In the records below, find each line with "ncpoly" and copy it.

=== GIVEN ENTRIES ===

Lemma ncsubst_conj (p q r : nat) (P : 'I_p -> 'I_q -> ncpoly F) (X Y S : 'M[F]_r) :
  S \in unitmx ->
  ncsubst P (invmx S *m X *m S) (invmx S *m Y *m S) =
  (\mxdiag_(i < p) invmx S) *m ncsubst P X Y *m \mxdiag_(j < q) S.
Proof.
move=> uS; apply/mxblockP => i j; rewrite !submxblockM.
rewrite (bigD1 j) //= [X in _ + X]big1 => [|k /negbTE njk]; last first.
  by rewrite submxblock_mxdiag njk mulmx0.
rewrite submxblock_mxdiag eqxx addr0 submxblockM (bigD1 i) //= big1 => [|k /negbTE nik].
  by rewrite submxblock_mxdiag eqxx addr0 /ncsubst !mxblockK nceval_conj.
by rewrite submxblock_mxdiag eq_sym nik mul0mx.
Qed.

Lemma pair_similar_spatial_equiv (p q r : nat) (T : 'I_3 -> 'I_p -> 'I_q -> ncpoly F)
    (X Y X' Y' : 'M[F]_r) :
  pair_similar X Y X' Y' ->
  spatial_equiv (spatial_of_triple T X Y) (spatial_of_triple T X' Y').
Proof.
case=> S [uS [-> ->]]; apply/spatial_equivP.
exists (\mxdiag_(i < p) invmx S)^T, (\mxdiag_(j < q) S), 1%:M.
split; rewrite ?unitmx_tr ?unitmx_mxdiag_const ?unitmx_inv ?unitmx1 // => k'.
have -> : \sum_k (1%:M : 'M[F]_3) k k' *: slice (spatial_of_triple T X Y) k =
    slice (spatial_of_triple T X Y) k'.
  rewrite (bigD1 k') //= [X in _ + X]big1 => [|k /negbTE nkk']; last first.
    by rewrite mxE nkk' scale0r.
  by rewrite mxE eqxx scale1r addr0.
by rewrite trmxK !slice_spatial_of_triple ncsubst_conj.
Qed.

End SpatialMatrices.

Section Construction.
Variable F : fieldType.

(* The core slices are [1 0 0 0; 0 1 0 0], [1 0 x1 1; 0 0 x2 1] and [0 0 1 0; 0 0 0 1]. *)
Definition core_entry (k a d : nat) : ncpoly F :=
  match k, a, d with
  | 0, 0, 0 | 0, 1, 1 => NCconst 1
  | 1, 0, 0 | 1, 0, 3 | 1, 1, 3 => NCconst 1
  | 1, 0, 2 => NCx1
  | 1, 1, 2 => NCx2
  | 2, 0, 2 | 2, 1, 3 => NCconst 1
  | _, _, _ => NCconst 0
  end.

Definition tail (m : 'I_7) : 'I_3 :=
  if m == 0 :> nat then 0 else if (m < 3)%N then 1 else 2.

Definition pair_triple (k : 'I_3) (i : 'I_(2 + 7)) (j : 'I_(4 + 7)) : ncpoly F :=
  match split i, split j with
  | inl a, inl d => core_entry k a d
  | inr m, inr m' => NCconst ((m == m') && (tail m == k))%:R
  | _, _ => NCconst 0
  end.
(* Let $(X,\nu)$ be a probability space and $g:X\to X$ an invertible (mod $0$) measure preserving transformation. Let $Y$ be a compact Riemannian manifold and for each $x\in X$ let $f_x:Y\to Y$ be a diffeomorphism, depending measurably on $x$; let $F(x,y)=(g(x),f_x(y))$ and let $\mu=\int_X\sigma_x\,d\nu(x)$ be an ergodic $F$-invariant probability measure on $X\times Y$, where the $\sigma_x$ are probability measures on $Y$ with $(f_x)_*\sigma_x=\sigma_{g(x)}$. Let $P\subset X\times Y$ be a measurable subset, let $\pi:X\times Y\to X$ be the projection and $B=\pi(P)$, and for $x\in B$ write $P(x)=P\cap(\{x\}\times Y)$. Assume $\nu(B)=\nu_0>0$ and that there is $\sigma_0>0$ such that $\sigma_x(P(x))>\sigma_0$ for almost every $x\in B$. For almost every $z\in P$ let $n_l(z)$ denote the $l$-th return time of $z$ to $P$ under $F$ (for an integer $l\ge1$). Define $$P_n^l(x)=\{z\in P(x)\,:\,n_l(z)\ge n\},\qquad N_l(x)=\max\{n\,:\,\sigma_x(P_n^l(x))>\sigma_0\}.$$ Then $$\int_B N_l(x)\,d\nu<\frac{l}{\sigma_0}<\infty.$$
   Context: The $l$-th return time $n_l(z)$ of $z\in P$ is the $l$-th smallest positive integer $n$ with $F^n(z)\in P$. Measures $\sigma_x(P(x))$ are understood by identifying $\{x\}\times Y$ with $Y$. *)

From HB Require Import structures.
From mathcomp Require Import all_boot all_order all_algebra.
From mathcomp Require Import all_classical all_reals all_analysis.
Set Implicit Arguments. Unset Strict Implicit. Unset Printing Implicit Defensive.
Import Order.TTheory GRing.Theory Num.Theory.
Local Open Scope classical_set_scope.
Local Open Scope ring_scope.

Definition skew_product {X Y : Type} (g : X -> X) (f : X -> Y -> Y) (z : X * Y) : X * Y :=
  (g z.1, f z.1 z.2).

Definition return_count {T : Type} (F : T -> T) (P : set T) (z : T) (m : nat) : nat :=
  (\sum_(1 <= k < m.+1) `[< P (iter k F z) >])%N.

Definition is_lth_return_time {T : Type} (F : T -> T) (P : set T) (l : nat)
  (z : T) (n : nat) : Prop :=
  (0 < n)%N /\ P (iter n F z) /\ return_count F P z n = l.

(* "n_l(z) >= n"; if z has fewer than l returns, n_l(z) = +oo by convention *)
Definition lth_return_time_ge {T : Type} (F : T -> T) (P : set T) (l : nat)
  (z : T) (n : nat) : Prop :=
  forall m, is_lth_return_time F P l z m -> (n <= m)%N.

Definition Pnl {X Y : Type} (F : X * Y -> X * Y) (P : set (X * Y)) (l n : nat)
  (x : X) : set Y :=
  [set y | P (x, y) /\ lth_return_time_ge F P l (x, y) n].

(* N_l(x) = max { n : sigma_x(P_n^l(x)) > sigma_0 }, taken as a supremum in
   the extended reals (+oo if unbounded) *)
Definition Nl {d1 d2 : measure_display} {X : measurableType d1}
  {Y : measurableType d2} {R : realType} (sigma : X -> {measure set Y -> \bar R})
  (F : X * Y -> X * Y) (P : set (X * Y)) (l : nat) (sigma0 : R) (x : X) : \bar R :=
  ereal_sup [set (n%:R)%:E | n in [set n : nat | (sigma0%:E < sigma x (Pnl F P l n x))%E]].

From HB Require Import structures.
From mathcomp Require Import all_boot all_order all_algebra.
From mathcomp Require Import all_classical all_reals all_analysis.
From mathcomp Require Import measurable_realfun zify lra.
Set Implicit Arguments. Unset Strict Implicit. Unset Printing Implicit Defensive.
Import Order.TTheory GRing.Theory Num.Theory.
Local Open Scope classical_set_scope.
Local Open Scope ring_scope.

===

## [YOUR RESPONSE]
Lemma ncsubst_conj (p q r : nat) (P : 'I_p -> 'I_q -> ncpoly F) (X Y S : 'M[F]_r) :
Lemma pair_similar_spatial_equiv (p q r : nat) (T : 'I_3 -> 'I_p -> 'I_q -> ncpoly F)
Definition core_entry (k a d : nat) : ncpoly F :=
Definition pair_triple (k : 'I_3) (i : 'I_(2 + 7)) (j : 'I_(4 + 7)) : ncpoly F :=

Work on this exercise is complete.